Modern UIs Are Applications unto Themselves with Logic and Code Built into Them
“This effort to make UIs easier and more intuitive and provide higher functioning for looking up and decoding data means the UIs are complex applications within themselves.”
This effort to make UIs easier and more intuitive and provide higher functioning for looking up and decoding data means the UIs are complex applications within themselves.
We may never know if the space designation as a wildcard in the phone number field was documented functionality for the API, but if it was, it was either not well documented or understood from the user’s perspective in the UI. As a pretty savvy computer guy, I would think a blank in a required field would flag a warning in the UI. The user should have received some type of message or notice that explained if they wanted a wildcard, they needed to use a “*” or “%” to denote it.

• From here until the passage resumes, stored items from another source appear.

Lemma perm_length_simple_transp_le j p :
  perm_length (simple_transp n j * p) <= (perm_length p).+1.
Proof.
case: (boolP (0 < j < n)) => [/simple_transp_adjacent[a [b [eb _ ->]]] | /simple_transp_out->].
  by rewrite (leq_trans (leq_addr (p b < p a) _)) // perm_length_mul_adjacent // -[(perm_length p).+1]addn1 leq_add2l leq_b1.
by rewrite mul1g.
Qed.

Lemma perm_length_word_le u : perm_length (word_perm n u) <= size u.
Proof.
elim/last_ind: u => [|u j IH]; first by rewrite perm_length1.
by rewrite word_perm_rcons size_rcons (leq_trans (perm_length_simple_transp_le _ _)).
Qed.

Lemma perm_ascending_eq1 p : (forall a b, b = a.+1 :> nat -> p a < p b) -> p = 1%g.
Proof.
move=> asc.
have le_p : forall x : 'I_n, x <= p x.
  suff le_pk k (x : 'I_n) : nat_of_ord x = k -> k <= p x by move=> x; apply: le_pk.
  elim: k x => [//|k IH] x ex; have lt_kn : k < n by have := ltn_ord x; lia.
  by have := asc (Ordinal lt_kn) x ex; have := IH (Ordinal lt_kn) erefl; lia.
have : \sum_(x : 'I_n) (p x - x) == 0.
  by rewrite sumnB // [X in _ - X](reindex_inj (@perm_inj _ p)) subnn.
rewrite sum_nat_eq0 => /forallP eq_p; apply/permP => x; apply/val_inj.
by rewrite perm1 /=; have := eq_p x; have := le_p x; lia.
Qed.

Lemma perm_length_word_exists p :
  exists u, [/\ is_word n u, word_perm n u = p & size u = perm_length p].
Proof.
elim: {p}_.+1 {-2}p (ltnSn (perm_length p)) => // k IH p.
case: (boolP [exists a : 'I_n, exists b : 'I_n, (b == a.+1 :> nat) && (p b < p a)]).
  move=> /existsP[a /existsP[b /andP[/eqP eb desc]]] lt_pk.
  have := perm_length_mul_adjacent p eb; rewrite desc ltnNge ltnW //= => ell.
  have [u [wu pu su]] := IH (tperm a b * p)%g (ltac:(lia)).
  exists (rcons u b); split.
  - by rewrite /is_word all_rcons -/(is_word n u) wu andbT eb /= -eb ltn_ord.
  - by rewrite word_perm_rcons pu (simple_transpE eb) mulgA tperm2 mul1g.
  - by rewrite size_rcons su; lia.
rewrite negb_exists => /forallP nodesc _.
have -> : p = 1%g.
  apply: perm_ascending_eq1 => a b eb.
  have /nandP[/eqP//|] := existsPn (nodesc a) b.
  rewrite -leqNgt leq_eqVlt => /orP[/eqP/val_inj/perm_inj eab|//].
  by move: eb; rewrite eab; lia.
by exists [::]; rewrite perm_length1.
Qed.

Lemma perm_length_le_tperm p x y : x < y -> p y < p x ->
    (forall z : 'I_n, x < z < y -> (p z < p y) || (p x < p z)) ->
  perm_length p <= (perm_length (tperm x y * p)).+1.
Proof.
move=> xy yx between; set t := tperm x y.
(* f moves by t the pairs that t reorders and keeps the others; the hypothesis
   on z says exactly that the kept pairs stay inverted in p ∘ t. *)
pose f (e : 'I_n * 'I_n) := if t e.1 < t e.2 then (t e.1, t e.2) else e.
have f_inv e : e \in inversions p :\ (x, y) -> f e \in inversions (t * p).
  case: e => a b; rewrite !inE /f /= => /andP[ne /andP[ab ba]].
  case: ifP => tab /=; rewrite !permM ?tpermK ?tab ?ab //=.
  move: ne tab ab ba (between a) (between b); rewrite xpair_eqE /t.
  by case: tpermP => [->|->|+ +]; case: tpermP => [->|->|+ +];
    rewrite -?val_eqE /= => *; lia.
have f_inj : {in inversions p :\ (x, y) &, injective f}.
  apply: (can_in_inj (g := f)) => -[a b]; rewrite !inE /f /= => /andP[_ /andP[ab _]].
  by case tab: (t a < t b) => /=; rewrite /t ?tpermK ?ab ?tab.
rewrite /perm_length (cardsD1 (x, y)) inE /= xy yx add1n ltnS -(card_in_imset f_inj).
by apply/subset_leq_card/subsetP => _ /imsetP[e /f_inv + ->].
Qed.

It is not terribly intuitive to a user that the lack of a character implies a wildcard. With UI testing, this problem would easily have been uncovered. This could only be found by testing the UI and then looking at the outcome or having a set of basic UI tests that try entering incomplete data into the UI and look for validation rules in the UI.
There will probably always be a debate about who’s responsible for testing the UI for COTS software – the vendor, the business or QA. Fortunately for the workers at Level 3, the FCC’s findings did not blame the team responsible for testing the application, and the corrective actions were published to help prevent this type of problem in the future.
When it comes to COTS software, preventing epic failures means testing the actual business processes and/or workflows (journeys) through the UI like a real user would use the system. Testing at the API layer only covers part of the potential risks, and as we see in the case of Level 3 can result in an epic-size failure. Assuming the API is the UI may lead you to fall into a large system failure.